(* There exist a joint distribution $P$ of $(x,a,y)$ with two protected groups $a\in\{1,2\}$ and binary labels $y\in\{0,1\}$, a score function $\mathcal{R}$ that is Bayes-optimal for each protected group, i.e. $\mathcal{R}(x,a)=P(y=1\mid x,a)$, and a choice of bias measure $\mathcal{B}$ (demographic parity or equal opportunity) such that the post-processing method restricted to deterministic thresholds (described in the context), with loss equal to the misclassification rate, is not slack-consistent: there is an individual $(x,a)$ and slacks $0<\beta_1<\beta_2<\beta_3$ such that $f_{\beta_1}(x,a), f_{\beta_2}(x,a), f_{\beta_3}(x,a)$ are neither non-decreasing nor non-increasing.
   Context: Setting: individuals are pairs $(x,a)$ with features $x$ and group $a\in\{1,2\}$, label $y\in\{0,1\}$, distributed according to $P$. A classifier $f$ assigns each $(x,a)$ a prediction $f(x,a)\in\{0,1\}$ (more generally a probability in $[0,1]$). Demographic-parity bias: $\mathcal{B}(f)=E[f(x,a)\mid a=1]-E[f(x,a)\mid a=2]$. Equal-opportunity bias: $\mathcal{B}(f)=E[f(x,a)\mid a=1,y=1]-E[f(x,a)\mid a=2,y=1]$. Misclassification loss $\mathcal{L}(f)=P(f(x,a)\neq y)$. Post-processing with deterministic thresholds and slack $\beta>0$: a pair of thresholds $(t_1,t_2)$ defines the classifier $f(x,a)=\mathbb{1}[\mathcal{R}(x,a)\ge t_a]$; among all such pairs minimizing $\mathcal{L}$ subject to $|\mathcal{B}|\le\beta$, keep those with smallest $|\mathcal{B}|$, then those with lowest threshold for group 1 (equivalently, largest positive rate in group 1 being excluded—i.e. smallest $t_1$ in the sense of the normalized threshold ordering), then return the one with lowest threshold for group 2. The returned classifier is $f_\beta$. Slack-consistency: for every individual $(x,a)$, the map $\beta\mapsto f_\beta(x,a)$ is monotonic in $\beta>0$. *)

From HB Require Import structures.
From mathcomp Require Import all_boot all_order all_algebra.
From mathcomp Require Import Rstruct.
From Stdlib Require Import Rdefinitions.
Notation R := Rdefinitions.R.

Set Implicit Arguments. Unset Strict Implicit. Unset Printing Implicit Defensive.
Import Order.TTheory GRing.Theory Num.Theory.
Local Open Scope ring_scope.

(* Conventions:
   - features x range over a finite type X;
   - group a : bool, with  true = group 1  and  false = group 2;
   - label y : bool, with  true = (y = 1)  and  false = (y = 0);
   - P x a y = probability mass of (x,a,y). *)

Definition is_dist (X : finType) (P : X -> bool -> bool -> R) : Prop :=
  (forall x a y, 0 <= P x a y) /\ \sum_(x : X) \sum_(a : bool) \sum_(y : bool) P x a y = 1.

Definition pXA (X : finType) (P : X -> bool -> bool -> R) (x : X) (a : bool) : R :=
  P x a true + P x a false.

Definition pA (X : finType) (P : X -> bool -> bool -> R) (a : bool) : R :=
  \sum_(x : X) pXA P x a.

Definition pAY1 (X : finType) (P : X -> bool -> bool -> R) (a : bool) : R :=
  \sum_(x : X) P x a true.

Definition bayes_optimal (X : finType) (P : X -> bool -> bool -> R)
  (Rs : X -> bool -> R) : Prop :=
  forall x a, 0 < pXA P x a -> Rs x a = P x a true / pXA P x a.

Definition thr_clf (X : finType) (Rs : X -> bool -> R) (t : bool -> R)
  (x : X) (a : bool) : R :=
  if t a <= Rs x a then 1 else 0.

Definition pos_rate (X : finType) (P : X -> bool -> bool -> R) (f : X -> bool -> R)
  (a : bool) : R :=
  (\sum_(x : X) pXA P x a * f x a) / pA P a.

Definition tp_rate (X : finType) (P : X -> bool -> bool -> R) (f : X -> bool -> R)
  (a : bool) : R :=
  (\sum_(x : X) P x a true * f x a) / pAY1 P a.

Inductive bias_kind := DemographicParity | EqualOpportunity.

Definition bias (X : finType) (P : X -> bool -> bool -> R) (B : bias_kind)
  (f : X -> bool -> R) : R :=
  match B with
  | DemographicParity => pos_rate P f true - pos_rate P f false
  | EqualOpportunity => tp_rate P f true - tp_rate P f false
  end.

Definition misclass (X : finType) (P : X -> bool -> bool -> R) (f : X -> bool -> R) : R :=
  \sum_(x : X) \sum_(a : bool) \sum_(y : bool)
     P x a y * (if f x a == (if y then 1 else 0) then 0 else 1).

Definition feasible (X : finType) (P : X -> bool -> bool -> R) (Rs : X -> bool -> R)
  (B : bias_kind) (beta : R) (t : bool -> R) : Prop :=
  `|bias P B (thr_clf Rs t)| <= beta.

(* "t is at least as good as t'" in the selection order of the post-processing:
   lower loss; then smaller |bias|; then lower group-1 threshold (= larger
   group-1 positive rate, normalized threshold ordering); then lower group-2
   threshold (= larger group-2 positive rate). *)
Definition sel_le (X : finType) (P : X -> bool -> bool -> R) (Rs : X -> bool -> R)
  (B : bias_kind) (t t' : bool -> R) : Prop :=
  let f := thr_clf Rs t in let f' := thr_clf Rs t' in
  misclass P f < misclass P f' \/
  (misclass P f = misclass P f' /\
   (`|bias P B f| < `|bias P B f'| \/
    (`|bias P B f| = `|bias P B f'| /\
     (pos_rate P f' true < pos_rate P f true \/
      (pos_rate P f true = pos_rate P f' true /\
       pos_rate P f' false <= pos_rate P f false))))).

Definition selected (X : finType) (P : X -> bool -> bool -> R) (Rs : X -> bool -> R)
  (B : bias_kind) (beta : R) (t : bool -> R) : Prop :=
  feasible P Rs B beta t /\
  forall t', feasible P Rs B beta t' -> sel_le P Rs B t t'.

Definition non_monotone3 (v1 v2 v3 : R) : Prop :=
  ~ (v1 <= v2 /\ v2 <= v3) /\ ~ (v3 <= v2 /\ v2 <= v1).

From mathcomp Require Import all_boot all_order all_algebra.
From mathcomp Require Import Rstruct.
From mathcomp Require Import ring lra.
Import Order.TTheory GRing.Theory Num.Theory.
Local Open Scope ring_scope.

(* The example has two feature values per group, a low-scored one (x = true)
   and a high-scored one (x = false), so a deterministic threshold accepts
   either nobody (N), only the high-scored individuals (T), or all (A) of its
   group.  The nine resulting classifiers have misclassification (in 39ths)
   and demographic-parity bias
     (A,A) 17, 0      (A,T) 14, 5/8     (A,N) 15, 1
     (T,A) 18, -1/5   (T,T) 15, 17/40   (T,N) 16, 4/5
     (N,A) 24, -1     (N,T) 21, -3/8    (N,N) 22, 0
   so the loss-optimal feasible classifier is (A,A) at slack 1/10, (T,T) at
   1/2 and (A,T) at 7/10: the low-scored individual of group 1 is accepted,
   rejected, then accepted again. *)

Section ThresholdPostProcessing.
Variables (X : finType) (P : X -> bool -> bool -> R) (Rs : X -> bool -> R).

Lemma misclass_thr_clf t :
  misclass P (thr_clf Rs t) =
  \sum_(x : X) \sum_(a : bool) (if t a <= Rs x a then P x a false else P x a true).
Proof.
apply: eq_bigr => x _; apply: eq_bigr => a _.
rewrite big_bool /= /thr_clf; case: (t a <= Rs x a).
- by rewrite eqxx (negbTE (oner_neq0 _)) mulr0 mulr1 add0r.
- by rewrite eqxx eq_sym (negbTE (oner_neq0 _)) mulr0 mulr1 addr0.
Qed.

Lemma pos_rate_thr_clf t a :
  pos_rate P (thr_clf Rs t) a = (\sum_(x | t a <= Rs x a) pXA P x a) / pA P a.
Proof.
rewrite /pos_rate; congr (_ / _); rewrite [RHS]big_mkcond; apply: eq_bigr => x _.
by rewrite /thr_clf; case: ifP; rewrite ?mulr1 ?mulr0.
Qed.

Variable B : bias_kind.

Lemma selected_of_min beta t :
  feasible P Rs B beta t ->
  (forall t', feasible P Rs B beta t' ->
     let f := thr_clf Rs t in let f' := thr_clf Rs t' in
     misclass P f < misclass P f' \/
     [/\ misclass P f' = misclass P f, bias P B f' = bias P B f,
         pos_rate P f' true = pos_rate P f true
       & pos_rate P f' false = pos_rate P f false]) ->
  selected P Rs B beta t.
Proof.
move=> feas_t min_t; split=> // t' /min_t /=; rewrite /sel_le /=.
case=> [lt_loss | [-> -> -> ->]]; first by left.
by right; split=> //; right; split=> //; right.
Qed.

End ThresholdPostProcessing.

Definition count0 (x a y : bool) : nat :=
  match a, x, y with
  | true, true, true => 2 | true, true, false => 1
  | true, false, true => 9 | true, false, false => 3
  | false, true, true => 6 | false, true, false => 9
  | false, false, true => 5 | false, false, false => 4
  end.

Definition P0 (x a y : bool) : R := (count0 x a y)%:R / 39.

Definition score0 (x a : bool) : R :=
  match a, x with
  | true, true => 2 / 3 | true, false => 3 / 4
  | false, true => 2 / 5 | false, false => 5 / 9
  end.

Arguments score0 : simpl never.

Lemma is_dist_P0 : is_dist P0.
Proof.
split=> [x a y|]; first by rewrite /P0 divr_ge0.
by rewrite !big_bool /P0 /= ?RplusE; lra.
Qed.

Lemma bayes_optimal_score0 : bayes_optimal P0 score0.
Proof. by move=> x a _; rewrite /pXA /P0; case: x; case: a; rewrite /score0 /= ?RplusE; field. Qed.

Lemma pA_P0 a : pA P0 a = if a then 15 / 39 else 24 / 39.
Proof. by rewrite /pA /pXA big_bool /P0; case: a; rewrite /= ?RplusE; lra. Qed.

Lemma pAY1_P0 a : pAY1 P0 a = 11 / 39.
Proof. by rewrite /pAY1 big_bool /P0; case: a; rewrite /= ?RplusE; lra. Qed.

Lemma lt_score0 a : score0 true a < score0 false a.
Proof. by case: a; rewrite /score0; lra. Qed.

Lemma le_score0 a x y : (score0 x a <= score0 y a) = (y ==> x).
Proof.
have lt_a := lt_score0 a.
by case: x; case: y; rewrite /= ?lexx ?(ltW lt_a) // leNgt lt_a.
Qed.

Lemma misclass_P0 t :
  misclass P0 (thr_clf score0 t) =
  ((if t true <= score0 true true then 1 else 2) +
   (if t true <= score0 false true then 3 else 9) +
   (if t false <= score0 true false then 9 else 6) +
   (if t false <= score0 false false then 4 else 5)) / 39.
Proof.
rewrite misclass_thr_clf !big_bool /P0 /=.
by case: (t true <= _); case: (t true <= _); case: (t false <= _); case: (t false <= _);
  rewrite ?RplusE; lra.
Qed.

Lemma pos_rate_P0 t a :
  pos_rate P0 (thr_clf score0 t) a =
  if a then ((if t true <= score0 true true then 3 else 0) +
             (if t true <= score0 false true then 12 else 0)) / 15
  else ((if t false <= score0 true false then 15 else 0) +
        (if t false <= score0 false false then 9 else 0)) / 24.
Proof.
rewrite pos_rate_thr_clf pA_P0 big_mkcond big_bool /pXA /P0.
by case: a => /=; case: (t _ <= _); case: (t _ <= _); rewrite ?RplusE; field.
Qed.

Lemma decisions_score0 t a :
  let d := (t a <= score0 true a, t a <= score0 false a) in
  [\/ d = (false, false), d = (false, true) | d = (true, true)].
Proof.
have up : (t a <= score0 true a) ==> (t a <= score0 false a).
  by apply/implyP => /le_trans; apply; apply/ltW/lt_score0.
by move: up; case: (t a <= score0 true a); case: (t a <= score0 false a) => // _; constructor.
Qed.

Definition thr_at (k : bool -> bool) (a : bool) : R := score0 (k a) a.

Lemma selected_thr_at :
  [/\ selected P0 score0 DemographicParity (1 / 10) (thr_at (fun=> true)),
      selected P0 score0 DemographicParity (1 / 2) (thr_at (fun=> false))
    & selected P0 score0 DemographicParity (7 / 10) (thr_at id)].
Proof.
split; apply: selected_of_min => [|t];
  rewrite /feasible /bias ?misclass_P0 !pos_rate_P0 /thr_at !le_score0 /= ?RminusE ler_norml.
all: try by apply/andP; split; lra.
all: case: (decisions_score0 t true) => -[-> ->]; case: (decisions_score0 t false) => -[-> ->].
all: by case/andP=> lo hi; first [left; lra | right; split; lra].
Qed.

Lemma thr_clf_thr_at k x a : thr_clf score0 (thr_at k) x a = if x ==> k a then 1 else 0.
Proof. by rewrite /thr_clf /thr_at le_score0. Qed.

Theorem theorem2 :
  exists (X : finType) (P : X -> bool -> bool -> R) (Rs : X -> bool -> R)
         (B : bias_kind),
    is_dist P /\
    (forall a, 0 < pA P a) /\ (forall a, 0 < pAY1 P a) /\
    bayes_optimal P Rs /\
    exists (x : X) (a : bool) (beta1 beta2 beta3 : R) (t1 t2 t3 : bool -> R),
      0 < pXA P x a /\
      0 < beta1 /\ beta1 < beta2 /\ beta2 < beta3 /\
      selected P Rs B beta1 t1 /\
      selected P Rs B beta2 t2 /\
      selected P Rs B beta3 t3 /\
      non_monotone3 (thr_clf Rs t1 x a) (thr_clf Rs t2 x a) (thr_clf Rs t3 x a).
Proof.
exists bool, P0, score0, DemographicParity.
split; first exact: is_dist_P0.
split; first by move=> a; rewrite pA_P0; case: a; lra.
split; first by move=> a; rewrite pAY1_P0; lra.
split; first exact: bayes_optimal_score0.
exists true, true, (1 / 10), (1 / 2), (7 / 10), (thr_at (fun=> true)), (thr_at (fun=> false)), (thr_at id).
split; first by rewrite /pXA /P0 /= ?RplusE; lra.
do 3 (split; first lra).
have [sel1 sel2 sel3] := selected_thr_at.
do 3 (split; first by []).
by rewrite !thr_clf_thr_at /non_monotone3 /=; lra.
Qed.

—————

* **WHAT NEEDS TO BE DONE**:
Using the entries above, give back exactly the line containing "- label y : bool, with", the line containing "Definition bias (X", and every line between them, and nothing else.

* **EXERCISE OUTPUT**:
   - label y : bool, with  true = (y = 1)  and  false = (y = 0);
   - P x a y = probability mass of (x,a,y). *)

Definition is_dist (X : finType) (P : X -> bool -> bool -> R) : Prop :=
  (forall x a y, 0 <= P x a y) /\ \sum_(x : X) \sum_(a : bool) \sum_(y : bool) P x a y = 1.

Definition pXA (X : finType) (P : X -> bool -> bool -> R) (x : X) (a : bool) : R :=
  P x a true + P x a false.

Definition pA (X : finType) (P : X -> bool -> bool -> R) (a : bool) : R :=
  \sum_(x : X) pXA P x a.

Definition pAY1 (X : finType) (P : X -> bool -> bool -> R) (a : bool) : R :=
  \sum_(x : X) P x a true.

Definition bayes_optimal (X : finType) (P : X -> bool -> bool -> R)
  (Rs : X -> bool -> R) : Prop :=
  forall x a, 0 < pXA P x a -> Rs x a = P x a true / pXA P x a.

Definition thr_clf (X : finType) (Rs : X -> bool -> R) (t : bool -> R)
  (x : X) (a : bool) : R :=
  if t a <= Rs x a then 1 else 0.

Definition pos_rate (X : finType) (P : X -> bool -> bool -> R) (f : X -> bool -> R)
  (a : bool) : R :=
  (\sum_(x : X) pXA P x a * f x a) / pA P a.

Definition tp_rate (X : finType) (P : X -> bool -> bool -> R) (f : X -> bool -> R)
  (a : bool) : R :=
  (\sum_(x : X) P x a true * f x a) / pAY1 P a.

Inductive bias_kind := DemographicParity | EqualOpportunity.

Definition bias (X : finType) (P : X -> bool -> bool -> R) (B : bias_kind)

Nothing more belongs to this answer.